COOPERSVILLE, Mich. -- A West Michigan toddler born with a rare genetic disease is now living a healthy life thanks to a specialized treatment. Levi Looks was born with severe combined immune deficiency (SCID), commonly known as "bubble boy disease", meaning he had no immune system.
Levi and his twin brother Colton turn two next month. When they were born, Colton was healthy, but Levi was not.
"I knew nothing about it," said Kala Looks, the boys' mom. "I had no idea what it was, so when they said something was wrong with his screening it was terrifying."
A routine newborn screening showed Levi had SCID, meaning his blood had no T-cells, leaving him essentially no immune system, either.
"It instantly changed everything because we had to be confined to our home and not be by anybody else besides immediate family," said Looks.
"SCID makes you so immuno-compromised that you can die from the common cold," said Dr. Sung-Yun Pai, Levi's doctor from the Dana-Farber/Boston Children's Cancer and Blood Disorders Center.
Treatment meant a bone marrow transplant, but they couldn't find an exact match. Levi and his family traveled to Boston where they learned about a gene therapy trial.
"The idea behind gene therapy is you can harvest the bone marrow of the patient and then do gene therapy in the lab to correct those cells and make them into cells that can function normally and make T-cells and then give those cells back as a transplant," said Dr. Pai. "It's sort of doing a transplant from themselves, and this avoids graft versus host disease because they are completely matched to themselves. We used a specially designed virus that has been engineered to infect bone marrow cells and insert a normal copy of the gene that's broken in Levi into those cells."

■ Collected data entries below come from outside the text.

Lemma exchange_fsumT (I J : choiceType) (F : I -> J -> R) :
  finite_set [set ij : I * J | F ij.1 ij.2 != 0] ->
  \sum_(i \in [set: I]) \sum_(j \in [set: J]) F i j =
  \sum_(j \in [set: J]) \sum_(i \in [set: I]) F i j.
Proof.
move=> /finite_seqP [r supp_r].
have supp_ij i j : F i j != 0 -> (i, j) \in r.
  by move=> Fij; have : [set` r] (i, j) by rewrite -supp_r.
have suppI i j : F i j != 0 -> i \in map fst r.
  by move/supp_ij => ijr; apply/mapP; exists (i, j).
have suppJ i j : F i j != 0 -> j \in map snd r.
  by move/supp_ij => ijr; apply/mapP; exists (i, j).
transitivity (\sum_(i <- undup (map fst r)) \sum_(j <- undup (map snd r)) F i j).
  rewrite (fsumT_undup (r := map fst r)); last by move=> i /fsumT_neq0 [j /suppI].
  by apply: eq_bigr => i _; apply: fsumT_undup => j /suppJ.
rewrite exchange_big (fsumT_undup (r := map snd r)) /=; last first.
  by move=> j /fsumT_neq0 [i /suppJ].
by apply: eq_bigr => j _; rewrite (fsumT_undup (r := map fst r)) // => i /suppI.
Qed.

Lemma reindex_fsumT (I J : choiceType) (h : I -> J) (F : I -> R) (G : J -> R) :
  (forall i, F i != 0 -> G (h i) = F i) ->
  (forall i i', F i != 0 -> F i' != 0 -> h i = h i' -> i = i') ->
  (forall j, G j != 0 -> exists2 i, F i != 0 & h i = j) ->
  \sum_(j \in [set: J]) G j = \sum_(i \in [set: I]) F i.
Proof.
move=> GhF hinj hsurj; rewrite fsbig_supp [RHS]fsbig_supp.
rewrite (reindex_fsbig h (setT `&` F @^-1` [set~ 0]) (setT `&` G @^-1` [set~ 0])).
  by apply: eq_fsbigr => i; rewrite inE => -[_ /eqP Fi]; apply: GhF.
split.
- by move=> i [_ /eqP Fi]; split=> //=; rewrite GhF //; apply/eqP.
- by move=> i i'; rewrite !inE => -[_ /eqP Fi] [_ /eqP Fi']; apply: hinj.
- move=> j [_ /eqP Gj]; have [i Fi <-] := hsurj j Gj.
  by exists i => //; split=> //=; apply/eqP.
Qed.

Lemma big_undup_guard (K : choiceType) (s r : seq K) (F : K -> R) :
  {subset s <= r} ->
  \sum_(k <- undup s) F k = \sum_(k <- undup r) (if k \in s then F k else 0).
Proof.
move=> sr; rewrite -(fsumT_undup (r := r)); last first.
  by move=> k; case: ifP => [/sr //|_]; rewrite eqxx.
rewrite (fsumT_undup (r := s)); last by move=> k; case: ifP => // _; rewrite eqxx.
by apply: eq_big_seq => k; rewrite mem_undup => ->.
Qed.

End FiniteSupportSums.

Lemma fsum_mset (R : pzSemiRingType) (K : choiceType) (X : {mset K}) (F : K -> R) :
  \sum_(k \in [set: K]) (X k)%:R * F k = \sum_(k <- X) F k.
Proof.
rewrite (fsumT_undup (r := X)); last first.
  by move=> k; apply: contraNT; rewrite -mset_eq0 => /eqP ->; rewrite mul0r.
rewrite -[RHS]big_undup_iterop_count; apply: eq_bigr => k _.
by rewrite count_mem_mset Monoid.iteropE iter_addr addr0 mulr_natl.
Qed.

Section MultisetFacts.
Variable K : choiceType.
Implicit Types (a b x : K) (m : {mset K}).

Lemma mset1D_inj a : injective (msetD [mset a]).
Proof. exact: (can_inj (g := fun m => m `\ a)) (msetD1K a). Qed.

Lemma mset1_inj : injective (fun a => [mset a]).
Proof. by move=> a b eq_ab; apply/eqP; rewrite -in_mset1 -eq_ab in_mset1. Qed.

Lemma perm_mset1D a m : perm_eq (a +` m) (a :: m).
Proof.
have -> : a +` m = seq_mset (a :: m).
  by rewrite mset_cons seq_mset_id.
exact: perm_eq_seq_mset.
Qed.

Lemma size_mset1D a m : size (a +` m) = (size m).+1.
Proof. by rewrite (perm_size (perm_mset1D a m)). Qed.

Lemma size_msetB1 a m : a \in m -> size m = (size (m `\ a)).+1.
Proof. by move=> am; rewrite -(size_mset1D a) msetB1K. Qed.

Lemma msetB1C a b m : m `\ a `\ b = m `\ b `\ a.
Proof. by rewrite -!msetBDA msetDC. Qed.

Lemma mset1DB1 a b m : b \in m -> (a +` m) `\ b = a +` (m `\ b).
Proof.
rewrite in_mset => bm; apply/msetP => x; rewrite !(msetB1E, mset1DE).
by case: (eqVneq x b) => [->|_]; case: (_ == a) => /=; lia.
Qed.

Lemma msetB1_sub a x m : x \in m `\ a -> x \in m.
Proof. by rewrite in_msetB1 => /andP[]. Qed.

Lemma in_msetB1C a b m :
  (b \in m `\ a) && (a \in m) = (a \in m `\ b) && (b \in m).
Proof.
case: (eqVneq a b) => [-> //|neq_ab].
rewrite !in_msetB1 (negPf neq_ab) eq_sym (negPf neq_ab) /=.
by rewrite andbC.
Qed.
Lemma sumZ_bounded B : (forall N, psumZ f N <= B) -> exists l, sumZ_is f l /\ l <= B.
Proof.
  intros HB.
  destruct (growing_cv (psumZ f)) as [l Hl].
  - exact psumZ_growing.
  - exists B. intros x [N ->]. apply HB.
  - exists l. split; [exact Hl|].
    destruct (Rle_dec l B) as [|Hn]; [assumption|exfalso].
    destruct (Hl (l - B)) as [N HN]; [lra|].
    specialize (HN N (le_n N)). specialize (HB N). unfold R_dist in HN.
    rewrite Rabs_left1 in HN; lra.
Qed.

Definition tailZ (N : nat) : Z -> R :=
  fun j => if (Z.abs j <=? Z.of_nat N)%Z then 0 else f j.

Lemma psumZ_tail l N M : sumZ_is f l -> psumZ (tailZ N) M <= l - psumZ f N.
Proof.
  intros Hl. pose proof (psumZ_le_lim l N Hl).
  assert (Hhead : forall K, (K <= N)%nat -> psumZ (tailZ N) K = 0).
  { intros K HK. rewrite (psumZ_ext_loc _ (fun _ => 0 * 0)), psumZ_scal; [ring|].
    intros j Hj. unfold tailZ. replace (Z.abs j <=? Z.of_nat N)%Z with true; [ring|].
    symmetry; apply Z.leb_le; lia. }
  destruct (le_lt_dec N M) as [HM|HM]; [|rewrite Hhead by lia; lra].
  assert (psumZ (tailZ N) M = psumZ f M - psumZ f N) as ->.
  { induction HM as [|M HM IH]; [rewrite Hhead by lia; ring|].
    rewrite !psumZ_S, IH. unfold tailZ.
    replace (Z.abs (- Z.of_nat (S M)) <=? Z.of_nat N)%Z with false
      by (symmetry; apply Z.leb_gt; lia).
    replace (Z.abs (Z.of_nat (S M)) <=? Z.of_nat N)%Z with false
      by (symmetry; apply Z.leb_gt; lia).
    ring. }
  pose proof (psumZ_le_lim l M Hl). lra.
Qed.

Kala admits she was scared.
"I just have never heard of it before and I didn't know much detail about it" said Looks. "It seemed kind of weird modifying his genes and putting them back into him. It just seemed almost too simple really."
A few months later, Levi's T-cell numbers were growing.
"We could see that the T-cell numbers were present and growing and we could also see evidence that the gene we had added into the cells was present in the T-cells," said Dr. Pai. "He is practically normal because he was missing T-cells and now he has T-cell numbers that are very similar to other children his age."
"We were very excited," said Looks. "They're happy with all of his lab results and all the testing they did so we're very excited. It means he gets to be a normal kid."
Levi is only one of a handful of children who have successfully been treated with gene therapy. Dr. Pai admits it's still very new to them, so there's no way of knowing if it'll sustain Levi for the rest of his life. Levi has to get intravenous immunoglobulin infusions every four weeks and will most likely always have to do it, but doctors are thrilled with his progress so far.
Patients treated with gene therapy in the 1990's are still living healthy lives.